Смешные голые
СЕАНС – 53/54
No Wave Cinema, Cinema of Transgression, New Cinema. Много разных имен придумано для того, чтобы убедить нас в том, что кино Ричарда Керна — это настоящее, всамделишное кино. Бросьте. Как «панк не музыка, а образ жизни», так и фильмы Керна одновременно и больше, и меньше, чем просто фильмы. То ли побочные продукты субкультуры и образа жизни, то ли прикладное искусство, то ли любительская игра с опасной камерой, home porno, припудренное анархистской идеологией DIY. А может, реализация того «первичного творческого импульса», который, словно молния, гальванизировал грязь лондонских тротуаров и спустя десятилетие — нью-йоркских тараканьих дыр в Нижнем Ист-Сайде. Из этой грязи самозародился постпанк Ист-Виллидж — короткая вспышка ненависти, ярости и героиновой эйфории, саморазрушительная машина из черной кожи и бледной плоти, перемоловшая те последние — скорее санитарные, чем нравственные — табу, которые еще оставались после сексуальной революции.

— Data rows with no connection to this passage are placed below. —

(* Let $n\ge 6$ be even. (a) If $d_*$ and $d_*'$ are neighbors with $d_*\ne d_*'$, then $d_*$ and $d_*'$ are determined. (b) A Latin square $L$ of order $n$ with inner distance $\frac n2-1$ is a row product if and only if there exists $i\in[1,n-1]$ such that rows $i$ and $i+1$ of $L$ have the same difference row.
   Context: Symbols are $[1,n]$; $\mathrm{dist}(a,b)$ is the minimum of the residues of $a-b$ and $b-a$ mod $n$ (in $[0,n-1]$). A Latin row is a permutation $(s_1,\dots,s_n)$ of $[1,n]$; its inner distance is $\min_j\mathrm{dist}(s_j,s_{j+1})$; its difference row is $(h_1,\dots,h_{n-1})$ with $h_j\in[0,n-1]$, $h_j\equiv s_{j+1}-s_j\pmod n$, and its extended difference row is $d_*=(\epsilon_1,\dots,\epsilon_{n-1},h)$ with $\epsilon_j=h_j-\frac n2$ and $h=h_n-\frac n2$, where $h_n\in[0,n-1]$, $h_n\equiv s_1-s_n\pmod n$. A Latin rectangle is a matrix over $[1,n]$ with no repeats in rows or columns; its inner distance is the minimum of $\mathrm{dist}$ over symbols in horizontally or vertically adjacent cells. Two extended difference rows $d_*=(\epsilon_j)$ and $d_*'=(\epsilon'_j)$ of Latin rows of inner distance $\frac n2-1$ are neighbors if there are Latin rows $r,r'$ with these extended difference rows such that the $2\times n$ matrix with rows $r,r'$ is a Latin rectangle of inner distance $\frac n2-1$. They are determined if there exist $1\le j_1<j_2\le n$ with $\left|\sum_{j=j_1}^{j_2-1}(\epsilon'_j-\epsilon_j)\right|=2$. For a Latin square $L=(m_{i,j})$, $H$ is the $n\times(n-1)$ matrix with $h_{i,j}\equiv m_{i,j+1}-m_{i,j}$ and $V$ the $(n-1)\times n$ matrix with $v_{i,j}\equiv m_{i+1,j}-m_{i,j}$ (mod $n$, in $[0,n-1]$). A row product is a Latin square obtained by adding a constant mod $n$ to all entries of $\mathrm{prod}(d,d')$, the $n\times n$ matrix with $1$ in cell $(1,1)$ whose $H$ has every row equal to a difference row $d$ and whose $V$ has every column equal to a difference row $d'$. *)

(* Symbols are the naturals 1..n; rows/columns are seqs. *)
From mathcomp Require Import all_boot all_order all_algebra.
Set Implicit Arguments. Unset Strict Implicit. Unset Printing Implicit Defensive.
Import GRing.Theory Num.Theory.

Definition dist (n a b : nat) : nat := minn ((a + n - b) %% n) ((b + n - a) %% n).

Definition latin_row (n : nat) (s : seq nat) : bool := perm_eq s (iota 1 n).

Definition innerdist (n : nat) (s : seq nat) : nat :=
  \big[minn/n]_(j < (size s).-1) dist n (nth 0 s j) (nth 0 s j.+1).

Definition diffrow (n : nat) (s : seq nat) : seq nat :=
  mkseq (fun j => (nth 0 s j.+1 + n - nth 0 s j) %% n) (size s).-1.

Definition extdiff (n : nat) (s : seq nat) : seq int :=
  mkseq (fun j => (Posz (nth 0 (diffrow n s) j) - Posz n./2)%R) (n.-1)
  ++ [:: (Posz ((head 0 s + n - last 0 s) %% n) - Posz n./2)%R].

(* matrices are seqs of rows; column j *)
Definition col (L : seq (seq nat)) (j : nat) : seq nat := [seq nth 0 r j | r <- L].

Definition latin_rect (n : nat) (L : seq (seq nat)) : bool :=
  all (latin_row n) L && all (fun j => uniq (col L j)) (iota 0 n).

Definition latin_square (n : nat) (L : seq (seq nat)) : bool :=
  (size L == n) && latin_rect n L.

Definition rect_innerdist (n : nat) (L : seq (seq nat)) : nat :=
  minn (\big[minn/n]_(r <- L) innerdist n r)
       (\big[minn/n]_(j < n) innerdist n (col L j)).

Definition is_edr (n : nat) (d : seq int) : Prop :=
  exists s, latin_row n s /\ innerdist n s = n./2 - 1 /\ extdiff n s = d.

Definition neighbors (n : nat) (d d' : seq int) : Prop :=
  exists r r', extdiff n r = d /\ extdiff n r' = d' /\
    latin_rect n [:: r; r'] /\ rect_innerdist n [:: r; r'] = n./2 - 1.

Definition determined (n : nat) (d d' : seq int) : Prop :=
  exists j1 j2 : nat, [/\ 1 <= j1, j1 < j2 & j2 <= n] /\
    `| (\sum_(j1 <= j < j2) (nth (0:int) d' j.-1 - nth (0:int) d j.-1))%R |%N = 2.

Definition entry (L : seq (seq nat)) (i j : nat) : nat := nth 0 (nth [::] L i) j.

Definition is_prod (n : nat) (d d' : seq nat) (M : seq (seq nat)) : Prop :=
  [/\ size M = n,
      all (fun r => (size r == n) && all (fun x => (1 <= x <= n)) r) M,
      entry M 0 0 = 1,
      all (fun r => diffrow n r == d) M &
      all (fun j => diffrow n (col M j) == d') (iota 0 n)].

Definition is_diffrow (n : nat) (d : seq nat) : Prop :=
  exists s, latin_row n s /\ diffrow n s = d.

Definition row_product (n : nat) (L : seq (seq nat)) : Prop :=
  latin_square n L /\
  exists (d d' : seq nat) (M : seq (seq nat)) (c : nat),
    [/\ is_diffrow n d, is_diffrow n d', is_prod n d d' M &
        forall i j, i < n -> j < n -> entry L i j = entry M i j + c %[mod n]].

From Pilot Require Import Defs.
From mathcomp Require Import all_boot all_algebra zify.
Set Implicit Arguments. Unset Strict Implicit. Unset Printing Implicit Defensive.
Import GRing.Theory.

(* Write h = n/2. Inner distance h - 1 forces every horizontal and vertical
   step, read mod n, into {h - 1, h, h + 1}. For two rows stacked in a Latin
   rectangle the vertical offsets v_j sum to 0 mod n, so either they are
   constant, and then one row is a translate of the other and the extended
   difference rows agree, or both h - 1 and h + 1 occur. Since the extended
   difference rows differ by v_(j+1) - v_j, the sum between two such columns
   telescopes to +-2: this is (a).
   For (b), equal difference rows in consecutive rows mean a constant vertical
   offset between them, and a constant offset between two consecutive rows
   propagates to the neighbouring pairs. An offset other than h is handled by
   the same sum argument; if the offset from row i to row i+1 is h, then row
   i+2 differs from row i by +-1 in every column, and a parity argument on the
   symbols shows that this sign is constant. So all consecutive rows differ by
   constants, and L is a translate of
   prod(d, d') for the common difference rows d of its rows and d' of its
   columns. *)

Section LatinRow.
Variables (n : nat) (s : seq nat).
Hypothesis s_latin : latin_row n s.

Lemma latin_row_size : size s = n.
Proof. by rewrite (perm_size s_latin) size_iota. Qed.

Lemma latin_row_uniq : uniq s.
Proof. by rewrite (perm_uniq s_latin) iota_uniq. Qed.

Lemma latin_row_mem x : (x \in s) = (1 <= x <= n).
Proof. by rewrite (perm_mem s_latin) mem_iota add1n ltnS. Qed.

Lemma latin_row_nth j : j < n -> 1 <= nth 0 s j <= n.
Proof. by move=> jn; rewrite -latin_row_mem mem_nth // latin_row_size. Qed.

Lemma latin_row_nth_inj j k : j < n -> k < n -> nth 0 s j = nth 0 s k -> j = k.
Proof.
by move=> jn kn /eqP; rewrite nth_uniq ?latin_row_size ?latin_row_uniq // => /eqP.
Qed.

Lemma latin_row_index x : 1 <= x <= n -> index x s < n /\ nth 0 s (index x s) = x.
Proof.
by move=> xn; rewrite -latin_row_size index_mem nth_index latin_row_mem.
Qed.

Lemma sum_latin_row : \sum_(j < n) nth 0 s j = \sum_(x <- iota 1 n) x.
Proof.
by rewrite -(big_mkord xpredT) -{1}latin_row_size -(big_nth 0 xpredT id) (perm_big _ s_latin).
Qed.

End LatinRow.

Lemma latin_row_of_uniq n s : size s = n -> uniq s -> (forall j, j < n -> 1 <= nth 0 s j <= n) ->
  latin_row n s.
Proof.
move=> sz s_uniq s_range.
have sub : {subset s <= iota 1 n}.
  by move=> x /(nthP 0) [j jn <-]; rewrite mem_iota add1n ltnS s_range -?sz.
have [_ s_eq] := uniq_min_size s_uniq sub (eq_leq (etrans (size_iota _ _) (esym sz))).
exact: uniq_perm (iota_uniq _ _) s_eq.
Qed.

Lemma bigmin_seq_le (T : eqType) (L : seq T) (G : T -> nat) x r :
  r \in L -> \big[minn/x]_(t <- L) G t <= G r.
Proof.
elim: L => [//|t L IH]; rewrite inE big_cons => /orP[/eqP-> | rL].
  exact: geq_minl.
by rewrite geq_min IH ?orbT.
Qed.

Lemma bigmin_ord_le m (F : nat -> nat) x j : j < m -> \big[minn/x]_(i < m) F i <= F j.
Proof.
by move=> jm; rewrite -(big_mkord xpredT) bigmin_seq_le // mem_index_iota.
Qed.

(* b - a in Z/nZ, represented in [0, n): the difference row consists of steps
   and dist n a b = minn (step n b a) (step n a b). *)
Definition step (n a b : nat) : nat := (b + n - a) %% n.

Section Step.
Variable n : nat.

Lemma step_spec a b : 1 <= a <= n -> 1 <= b <= n ->
  (a <= b /\ step n a b = b - a) \/ (b < a /\ step n a b = b + n - a).
Proof.
move=> ha hb; rewrite /step; case: (leqP a b) => ab; [left | right]; split=> //.
  by rewrite -addnBAC // modnDr modn_small //; lia.
by rewrite modn_small //; lia.
Qed.

Lemma step_addmod a b : a <= n -> a + step n a b = b %[mod n].
Proof. by move=> an; rewrite modnDmr addnBA ?addKn ?modnDr //; lia. Qed.

Lemma step_add a b c : a <= n -> b <= n -> step n a b + step n b c = step n a c %[mod n].
Proof.
move=> an bn; apply/eqP; rewrite -(eqn_modDl a); apply/eqP.
by rewrite addnA -modnDml step_addmod // modnDml step_addmod // step_addmod.
Qed.

Lemma step_of_eqmod a b c : a <= n -> b = a + c %[mod n] -> step n a b = c %% n.
Proof. by move=> an; rewrite -(step_addmod b an) => /eqP; rewrite eqn_modDl modn_mod => /eqP. Qed.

Герой короткометражек Керна одновременно и вуайер, оператор, прячущийся за камерой (он все-таки выйдет на сцену в автошарже «Злой оператор»), и бьющийся в легком нервном ознобе объект его вожделения, впервые и по доброй воле оказавшийся перед объективом. Этот неприятный тип в узких джинсах и черной майке — современник и земляк персонажей Вуди Аллена (одна из главных работ Керна — «Подчинись мне сейчас» — снята в год выхода едва ли не лучшей алленовской комедии отношений «Ханна и ее сестры»), он его недосягаемая ролевая модель и в то же время темный антагонист. Невротичный алленовский интеллектуал бегал по Манхэттену в отчаянных попытках понять, кто он и чего же ему хочется, отчаянно пытаясь почувствовать нечто, как ему кажется, настоящее, он мучился смутным влечением, жил насыщенной эмоциональной жизнью. Тощий перверсивный тип из керновских короткометражек, завсегдатай секс-притонов 42-й улицы точно знал, чего он хочет, и именно в этом точном знании содержался приговор его желанию (сегодня оба типажа связаны еще и внезапно обнаружившимся портретным сходством Аллена и пожилого Керна).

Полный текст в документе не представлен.